There is a new name in pulse and specialty crops.

A newly incorporated, Saskatchewan-based company is expanding its reach in the pulse and specialty grain market. Harvest Grain Ltd is combining existing assets with new Saskatchewan acquisitions.

Shareholder David Nobbs said there has been a tremendous upheaval among pulse and specialty crop trading companies in recent years.

“Harvest Grain Ltd. is in this business for the long term and we look forward to earning both the trust and the business of farmers,” Nobbs said.

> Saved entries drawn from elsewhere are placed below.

Lemma norm1_eq0 x : norm1 x = 0 -> x = C0.
Proof.
  destruct x as [a b]. unfold norm1, C0; simpl. intros H.
  pose proof (Rabs_pos a); pose proof (Rabs_pos b).
  pose proof (Rle_abs a); pose proof (Rle_abs (-a)); pose proof (Rle_abs b); pose proof (Rle_abs (-b)).
  rewrite !Rabs_Ropp in *. f_equal; lra.
Qed.

Lemma norm1_add x y : norm1 (Cadd x y) <= norm1 x + norm1 y.
Proof.
  destruct x as [a b], y as [c d]; unfold norm1, Cadd; simpl.
  pose proof (Rabs_triang a c); pose proof (Rabs_triang b d). lra.
Qed.

Lemma norm1_sub x y : norm1 (Csub x y) <= norm1 x + norm1 y.
Proof.
  destruct x as [a b], y as [c d]; unfold norm1, Csub, Cadd, Copp; simpl.
  pose proof (Rabs_triang a (-c)); pose proof (Rabs_triang b (-d)). rewrite !Rabs_Ropp in *. lra.
Qed.

Lemma norm1_mul x y : norm1 (Cmul x y) <= norm1 x * norm1 y.
Proof.
  destruct x as [a b], y as [c d]; unfold norm1, Cmul; simpl. unfold Rminus.
  pose proof (Rabs_triang (a*c) (-(b*d))); pose proof (Rabs_triang (a*d) (b*c)).
  rewrite Rabs_Ropp in H. rewrite !Rabs_mult in *.
  pose proof (Rabs_pos a); pose proof (Rabs_pos b); pose proof (Rabs_pos c); pose proof (Rabs_pos d).
  nra.
Qed.

Lemma Rabs_fst_le_norm1 z : Rabs (fst z) <= norm1 z.
Proof. unfold norm1. pose proof (Rabs_pos (snd z)). lra. Qed.

Lemma Rabs_snd_le_norm1 z : Rabs (snd z) <= norm1 z.
Proof. unfold norm1. pose proof (Rabs_pos (fst z)). lra. Qed.

Lemma Cmod_le_norm1 z : Cmod z <= norm1 z.
Proof.
  destruct z as [a b]; unfold Cmod, norm1; simpl.
  pose proof (Rabs_pos a); pose proof (Rabs_pos b).
  rewrite <- (sqrt_Rsqr (Rabs a + Rabs b)) by lra.
  apply sqrt_le_1_alt. unfold Rsqr.
  assert (Rabs a * Rabs a = a * a) by (rewrite <- Rabs_mult; apply Rabs_right; nra).
  assert (Rabs b * Rabs b = b * b) by (rewrite <- Rabs_mult; apply Rabs_right; nra).
  nra.
Qed.

Lemma norm1_le_Cmod z : norm1 z <= 2 * Cmod z.
Proof.
  destruct z as [a b]; unfold Cmod, norm1; simpl.
  assert (Rabs a <= sqrt (a * a + b * b) /\ Rabs b <= sqrt (a * a + b * b)) as [Ha Hb].
  { split; rewrite <- sqrt_Rsqr_abs; apply sqrt_le_1_alt; unfold Rsqr; nra. }
  lra.
Qed.

Lemma Cmod_nonneg z : 0 <= Cmod z.
Proof. apply sqrt_pos. Qed.

(* Multiplication by z keeps the empty
   list empty, so that differentiation strictly shortens nonempty lists. *)
Fixpoint ladd (x y : list CC) : list CC :=
  match x, y with
  | nil, _ => y
  | _, nil => x
  | a :: x', b :: y' => Cadd a b :: ladd x' y'
  end.

Definition lscale (c : CC) (l : list CC) : list CC := map (Cmul c) l.

Definition xmul (l : list CC) : list CC := match l with nil => nil | _ => C0 :: l end.

Definition lin_mul (a : CC) (l : list CC) : list CC := ladd (xmul l) (lscale (Copp a) l).

(* Formal derivative, from (a + z l(z))' = l(z) + z l'(z). *)
Fixpoint deriv (l : list CC) : list CC :=
  match l with
  | nil => nil
  | a :: l' => ladd l' (xmul (deriv l'))
  end.

Definition derivn (n : nat) (l : list CC) : list CC := Nat.iter n deriv l.

Lemma ladd_nil_r x : ladd x nil = x.
Proof. destruct x; reflexivity. Qed.

Lemma ladd_assoc x y w : ladd x (ladd y w) = ladd (ladd x y) w.
Proof.
  revert y w; induction x as [|a x IH]; intros [|b y] [|c w]; simpl; try reflexivity.
  rewrite IH. f_equal. cring.
Qed.

Lemma ladd_comm x y : ladd x y = ladd y x.
Proof.
  revert y; induction x as [|a x IH]; intros [|b y]; simpl; try reflexivity.
  rewrite IH. f_equal. cring.
Qed.

Lemma xmul_ladd x y : xmul (ladd x y) = ladd (xmul x) (xmul y).
Proof. destruct x, y; simpl; try reflexivity. f_equal. cring. Qed.

Lemma lscale_ladd c x y : lscale c (ladd x y) = ladd (lscale c x) (lscale c y).
Proof.
  revert y; induction x as [|a x IH]; intros [|b y]; simpl; try reflexivity.
  unfold lscale in *; simpl. rewrite IH. f_equal. cring.
Qed.

Lemma lscale_xmul c l : lscale c (xmul l) = xmul (lscale c l).
Proof. destruct l; [reflexivity|]. unfold lscale; simpl. f_equal. cring. Qed.

Lemma eval_ladd x y z : ev (ladd x y) z = Cadd (ev x z) (ev y z).
Proof.
  revert y; induction x as [|a x IH]; intros [|b y]; simpl; try cring.
  rewrite IH. cring.
Qed.

Lemma eval_lscale c l z : ev (lscale c l) z = Cmul c (ev l z).
Proof.
  induction l as [|a l IH]; simpl; [cring|].
  unfold lscale in *. simpl. rewrite IH. cring.
Qed.

Lemma eval_xmul l z : ev (xmul l) z = Cmul z (ev l z).
Proof. destruct l; simpl; cring. Qed.

Lemma eval_lin_mul a l z : ev (lin_mul a l) z = Cmul (Csub z a) (ev l z).
Proof. unfold lin_mul. rewrite eval_ladd, eval_lscale, eval_xmul. cring. Qed.

Lemma deriv_ladd x y : deriv (ladd x y) = ladd (deriv x) (deriv y).
Proof.
  revert y; induction x as [|a x IH]; intros [|b y]; simpl; try reflexivity.
  - rewrite ladd_nil_r. reflexivity.
  - rewrite IH, xmul_ladd, !ladd_assoc. f_equal.
    rewrite <- !ladd_assoc. f_equal. apply ladd_comm.
Qed.

Lemma deriv_lscale c l : deriv (lscale c l) = lscale c (deriv l).
Proof.
  induction l as [|a l IH]; [reflexivity|].
  change (deriv (lscale c (a :: l))) with (ladd (lscale c l) (xmul (deriv (lscale c l)))).
  simpl. rewrite IH, lscale_ladd, lscale_xmul. reflexivity.
Qed.

Lemma deriv_xmul l : deriv (xmul l) = ladd l (xmul (deriv l)).
Proof. destruct l; reflexivity. Qed.

Lemma deriv_lin_mul a l : deriv (lin_mul a l) = ladd l (lin_mul a (deriv l)).
Proof.
  unfold lin_mul. rewrite deriv_ladd, deriv_lscale, deriv_xmul.
  rewrite <- ladd_assoc; reflexivity.
Qed.

Lemma derivn_S s l : derivn (S s) l = derivn s (deriv l).
Proof. unfold derivn. simpl. rewrite Nat.iter_swap. reflexivity. Qed.

Lemma eval_derivn_ladd s x y z :
  ev (derivn s (ladd x y)) z = Cadd (ev (derivn s x) z) (ev (derivn s y) z).
Proof.
  revert x y; induction s as [|s IH]; intros x y; [apply eval_ladd|].
  rewrite !derivn_S, deriv_ladd. apply IH.
Qed.

Lemma eval_derivn_lin_mul s a l z :
  ev (derivn (S s) (lin_mul a l)) z =
  Cadd (Cmul (RtoC (INR (S s))) (ev (derivn s l) z)) (Cmul (Csub z a) (ev (derivn (S s) l) z)).
Proof.
  revert l; induction s as [|s IH]; intros l.
  - rewrite derivn_S. simpl. rewrite deriv_lin_mul, eval_ladd, eval_lin_mul. cring.
  - rewrite derivn_S, deriv_lin_mul, eval_derivn_ladd, IH, <- !derivn_S, (S_INR (S s)). cring.
Qed.

Lemma length_ladd x y : length (ladd x y) = Nat.max (length x) (length y).
Proof.
  revert y; induction x as [|a x IH]; intros [|b y]; simpl; try reflexivity.
  rewrite IH. reflexivity.
Qed.

Lemma length_deriv l : (length (deriv l) <= pred (length l))%nat.
Proof.
  induction l as [|a l IH]; simpl; [lia|].
  rewrite length_ladd. destruct l as [|b l]; [reflexivity|].
  destruct (deriv (b :: l)); simpl in *; lia.
Qed.

Lemma length_derivn n l : (length (derivn n l) <= length l - n)%nat.
Proof.
  revert l; induction n as [|n IH]; intros l; [simpl; lia|].
  rewrite derivn_S. pose proof (IH (deriv l)). pose proof (length_deriv l). lia.
Qed.

Lemma eval_derivn_high l n z : (length l <= n)%nat -> ev (derivn n l) z = C0.
Proof.
  intros Hn. pose proof (length_derivn n l) as H.
  destruct (derivn n l); [reflexivity|simpl in H; lia].
Qed.

Definition vanishing_order (l : list CC) (a : CC) (m : nat) : Prop :=
  (forall s, (s < m)%nat -> ev (derivn s l) a = C0) /\ ev (derivn m l) a <> C0.

Lemma vanishing_order_lin_mul_same l a m :
  vanishing_order l a m -> vanishing_order (lin_mul a l) a (S m).
Proof.
  intros [H1 H2]. split.
  - intros [|s] Hs.
    + simpl. rewrite eval_lin_mul, Csub_diag. apply Cmul_0_l.
    + rewrite eval_derivn_lin_mul, Csub_diag, Cmul_0_l, Cadd_0_r, H1 by lia. apply Cmul_0_r.
  - rewrite eval_derivn_lin_mul, Csub_diag, Cmul_0_l, Cadd_0_r.
    apply Cmul_neq0; auto. apply RtoC_INR_S_neq0.
Qed.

Bornhorst Seeds Ltd. at St. Gregor, Sask., a Canary seed buyer and processor, is an existing asset of the company. In the near term, all grain transactions will occur through Bornhorst, which is fully licensed and bonded by the Canadian Grain Commission. Over time, the name will transition to Harvest Grain.

In southeast Saskatchewan, Harvest Grain is taking full ownership of Harvest Milling at Fillmore, Sask., buying out the 50 per cent share previously owned by the Lionel Kambeitz led KF Homestead Properties Inc. The plant handles a wide range of specialty crops.

Harvest Grain Ltd. has also purchased a specialty crop facility at Zealandia in west central Saskatchewan. The plant was previously owned by Global Food and Ingredients which went into receivership in the spring. Before that, the facility was owned by Canpulse Foods, which sold it to Global Food and Ingredients.

Harvest Grain Ltd. has three shareholders led by Nobbs. The other shareholders are Saskatchewan farmer and specialty crop grain facility manager Terry Arnold and specialty crop trader and businessman Rajesh Jain.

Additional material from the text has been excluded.